--- Exercise input Enclosed Below ---
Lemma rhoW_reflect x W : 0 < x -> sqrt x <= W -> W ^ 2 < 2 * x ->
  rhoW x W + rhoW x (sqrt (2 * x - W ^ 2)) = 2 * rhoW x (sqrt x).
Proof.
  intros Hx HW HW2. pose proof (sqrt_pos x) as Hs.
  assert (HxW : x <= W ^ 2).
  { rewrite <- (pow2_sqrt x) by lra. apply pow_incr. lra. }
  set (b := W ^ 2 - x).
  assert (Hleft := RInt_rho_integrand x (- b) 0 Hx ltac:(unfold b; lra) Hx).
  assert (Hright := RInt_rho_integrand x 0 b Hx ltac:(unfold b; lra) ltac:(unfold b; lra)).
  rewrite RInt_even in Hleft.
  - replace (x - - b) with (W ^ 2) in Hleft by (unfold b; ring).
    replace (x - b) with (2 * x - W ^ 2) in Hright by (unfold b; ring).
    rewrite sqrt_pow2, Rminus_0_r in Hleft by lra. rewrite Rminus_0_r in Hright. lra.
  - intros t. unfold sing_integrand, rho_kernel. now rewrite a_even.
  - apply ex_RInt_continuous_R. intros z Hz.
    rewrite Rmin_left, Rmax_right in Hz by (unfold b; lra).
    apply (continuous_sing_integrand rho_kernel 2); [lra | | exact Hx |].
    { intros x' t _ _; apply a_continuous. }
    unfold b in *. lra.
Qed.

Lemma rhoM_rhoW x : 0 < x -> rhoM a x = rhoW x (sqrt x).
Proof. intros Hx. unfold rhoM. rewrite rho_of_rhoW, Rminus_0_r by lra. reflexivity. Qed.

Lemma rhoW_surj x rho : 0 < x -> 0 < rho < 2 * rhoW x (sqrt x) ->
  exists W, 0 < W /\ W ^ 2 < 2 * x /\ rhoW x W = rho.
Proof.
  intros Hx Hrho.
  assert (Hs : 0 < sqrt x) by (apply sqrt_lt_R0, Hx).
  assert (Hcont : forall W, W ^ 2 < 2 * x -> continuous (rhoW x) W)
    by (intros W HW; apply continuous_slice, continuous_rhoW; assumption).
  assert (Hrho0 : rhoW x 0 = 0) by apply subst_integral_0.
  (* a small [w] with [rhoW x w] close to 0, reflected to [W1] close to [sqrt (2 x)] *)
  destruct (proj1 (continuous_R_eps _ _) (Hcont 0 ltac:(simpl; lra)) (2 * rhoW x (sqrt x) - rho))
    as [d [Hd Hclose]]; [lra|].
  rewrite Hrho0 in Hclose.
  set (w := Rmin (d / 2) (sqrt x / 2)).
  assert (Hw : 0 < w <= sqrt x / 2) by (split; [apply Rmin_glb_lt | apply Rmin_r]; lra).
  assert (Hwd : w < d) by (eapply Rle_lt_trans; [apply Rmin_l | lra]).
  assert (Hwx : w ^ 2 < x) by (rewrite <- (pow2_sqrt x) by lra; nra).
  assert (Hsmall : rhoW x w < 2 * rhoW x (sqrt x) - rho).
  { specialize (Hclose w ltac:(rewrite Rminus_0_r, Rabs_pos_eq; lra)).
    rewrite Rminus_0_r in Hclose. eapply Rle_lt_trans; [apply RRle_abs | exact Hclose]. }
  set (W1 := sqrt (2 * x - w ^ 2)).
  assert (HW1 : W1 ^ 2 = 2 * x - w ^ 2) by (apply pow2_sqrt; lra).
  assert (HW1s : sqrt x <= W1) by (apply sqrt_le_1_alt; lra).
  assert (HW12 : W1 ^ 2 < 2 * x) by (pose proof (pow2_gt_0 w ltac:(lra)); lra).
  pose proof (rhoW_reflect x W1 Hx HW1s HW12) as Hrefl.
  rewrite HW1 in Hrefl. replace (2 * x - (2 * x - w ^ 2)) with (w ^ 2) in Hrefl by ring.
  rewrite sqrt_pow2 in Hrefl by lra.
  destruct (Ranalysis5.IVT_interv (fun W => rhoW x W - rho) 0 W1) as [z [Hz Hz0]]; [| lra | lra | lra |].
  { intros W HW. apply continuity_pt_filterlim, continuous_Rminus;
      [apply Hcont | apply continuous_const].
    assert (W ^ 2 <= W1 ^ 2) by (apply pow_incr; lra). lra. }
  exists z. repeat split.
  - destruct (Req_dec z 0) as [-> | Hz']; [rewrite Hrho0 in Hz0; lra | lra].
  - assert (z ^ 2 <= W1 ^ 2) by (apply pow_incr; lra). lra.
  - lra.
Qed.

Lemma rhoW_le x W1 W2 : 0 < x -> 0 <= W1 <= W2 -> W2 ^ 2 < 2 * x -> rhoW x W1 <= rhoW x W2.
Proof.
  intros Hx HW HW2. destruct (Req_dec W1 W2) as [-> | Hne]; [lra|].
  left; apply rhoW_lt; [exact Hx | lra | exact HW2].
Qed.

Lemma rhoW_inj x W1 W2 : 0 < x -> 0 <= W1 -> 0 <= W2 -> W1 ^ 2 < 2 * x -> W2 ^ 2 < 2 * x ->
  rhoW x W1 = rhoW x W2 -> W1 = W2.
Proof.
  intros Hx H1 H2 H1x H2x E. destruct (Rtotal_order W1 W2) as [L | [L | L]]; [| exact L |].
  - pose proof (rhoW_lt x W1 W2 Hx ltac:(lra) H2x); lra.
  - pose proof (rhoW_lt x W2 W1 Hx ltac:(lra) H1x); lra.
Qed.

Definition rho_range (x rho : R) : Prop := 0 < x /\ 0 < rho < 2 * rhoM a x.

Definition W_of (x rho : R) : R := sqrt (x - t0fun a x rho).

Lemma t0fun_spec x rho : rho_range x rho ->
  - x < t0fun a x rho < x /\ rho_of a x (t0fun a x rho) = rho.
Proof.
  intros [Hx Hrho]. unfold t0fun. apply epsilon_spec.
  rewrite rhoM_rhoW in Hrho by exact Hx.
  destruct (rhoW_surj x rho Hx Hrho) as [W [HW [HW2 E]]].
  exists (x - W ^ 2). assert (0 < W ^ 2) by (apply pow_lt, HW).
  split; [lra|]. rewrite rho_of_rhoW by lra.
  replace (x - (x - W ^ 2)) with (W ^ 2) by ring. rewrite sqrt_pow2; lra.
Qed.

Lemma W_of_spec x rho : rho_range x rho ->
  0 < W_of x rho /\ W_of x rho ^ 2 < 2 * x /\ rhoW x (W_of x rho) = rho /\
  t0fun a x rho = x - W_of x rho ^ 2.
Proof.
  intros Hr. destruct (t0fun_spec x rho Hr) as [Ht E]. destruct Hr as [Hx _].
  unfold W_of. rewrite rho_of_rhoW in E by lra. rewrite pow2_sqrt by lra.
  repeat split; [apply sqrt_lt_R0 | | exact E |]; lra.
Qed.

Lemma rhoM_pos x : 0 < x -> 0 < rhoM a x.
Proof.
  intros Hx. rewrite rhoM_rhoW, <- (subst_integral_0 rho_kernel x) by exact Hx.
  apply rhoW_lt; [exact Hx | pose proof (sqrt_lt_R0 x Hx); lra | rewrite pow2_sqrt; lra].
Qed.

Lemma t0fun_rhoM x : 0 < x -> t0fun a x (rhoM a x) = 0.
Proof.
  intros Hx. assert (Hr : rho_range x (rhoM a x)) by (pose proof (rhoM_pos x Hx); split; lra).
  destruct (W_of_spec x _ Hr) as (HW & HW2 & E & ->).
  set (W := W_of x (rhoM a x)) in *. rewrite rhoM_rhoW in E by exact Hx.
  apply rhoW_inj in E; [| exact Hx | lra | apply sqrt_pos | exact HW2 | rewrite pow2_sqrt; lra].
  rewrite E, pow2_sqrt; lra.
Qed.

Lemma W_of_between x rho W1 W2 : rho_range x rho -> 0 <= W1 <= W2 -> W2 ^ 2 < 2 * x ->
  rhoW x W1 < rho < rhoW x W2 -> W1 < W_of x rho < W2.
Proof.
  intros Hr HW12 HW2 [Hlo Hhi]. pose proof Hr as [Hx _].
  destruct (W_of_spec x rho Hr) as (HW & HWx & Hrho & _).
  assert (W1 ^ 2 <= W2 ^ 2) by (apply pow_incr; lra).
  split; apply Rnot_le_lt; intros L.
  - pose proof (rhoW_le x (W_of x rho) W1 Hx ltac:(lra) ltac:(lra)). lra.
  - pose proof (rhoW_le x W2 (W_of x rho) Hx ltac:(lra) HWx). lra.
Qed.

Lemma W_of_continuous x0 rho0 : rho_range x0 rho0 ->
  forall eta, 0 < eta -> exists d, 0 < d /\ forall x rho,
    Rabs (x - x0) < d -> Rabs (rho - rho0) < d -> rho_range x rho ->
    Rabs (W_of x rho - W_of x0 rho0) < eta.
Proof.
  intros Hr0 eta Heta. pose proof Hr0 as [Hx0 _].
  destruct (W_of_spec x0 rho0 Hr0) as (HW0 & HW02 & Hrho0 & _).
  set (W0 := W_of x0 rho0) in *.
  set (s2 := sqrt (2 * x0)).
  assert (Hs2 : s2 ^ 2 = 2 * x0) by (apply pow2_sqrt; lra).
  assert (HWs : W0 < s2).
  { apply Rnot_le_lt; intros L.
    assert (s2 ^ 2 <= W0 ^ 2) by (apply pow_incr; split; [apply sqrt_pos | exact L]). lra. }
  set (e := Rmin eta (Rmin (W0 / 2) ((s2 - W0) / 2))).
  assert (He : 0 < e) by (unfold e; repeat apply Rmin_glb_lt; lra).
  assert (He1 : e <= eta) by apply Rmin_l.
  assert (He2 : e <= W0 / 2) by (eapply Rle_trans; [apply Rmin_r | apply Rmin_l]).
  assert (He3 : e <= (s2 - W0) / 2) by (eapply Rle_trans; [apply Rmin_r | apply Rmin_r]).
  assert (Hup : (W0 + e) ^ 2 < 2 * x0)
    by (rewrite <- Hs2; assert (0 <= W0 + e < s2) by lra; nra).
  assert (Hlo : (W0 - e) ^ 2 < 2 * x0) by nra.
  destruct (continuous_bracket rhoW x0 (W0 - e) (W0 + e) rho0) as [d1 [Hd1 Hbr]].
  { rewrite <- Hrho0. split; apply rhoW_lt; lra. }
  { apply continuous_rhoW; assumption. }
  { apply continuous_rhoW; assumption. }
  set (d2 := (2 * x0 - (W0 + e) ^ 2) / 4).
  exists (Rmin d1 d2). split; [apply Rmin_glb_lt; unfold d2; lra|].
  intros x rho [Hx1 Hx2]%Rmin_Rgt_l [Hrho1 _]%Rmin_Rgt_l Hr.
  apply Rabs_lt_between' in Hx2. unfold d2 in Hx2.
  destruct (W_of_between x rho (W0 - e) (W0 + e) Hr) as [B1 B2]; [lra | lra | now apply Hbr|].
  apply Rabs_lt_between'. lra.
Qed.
--- End of Enclosed Exercise input ---
Find the line with "rewrite HW1 in" in the material above. Reproduce it and each line after it up to and including the line with "destruct (Ranalysis5.IVT_interv (fun".

Output below.
  rewrite HW1 in Hrefl. replace (2 * x - (2 * x - w ^ 2)) with (w ^ 2) in Hrefl by ring.
  rewrite sqrt_pow2 in Hrefl by lra.
  destruct (Ranalysis5.IVT_interv (fun W => rhoW x W - rho) 0 W1) as [z [Hz Hz0]]; [| lra | lra | lra |].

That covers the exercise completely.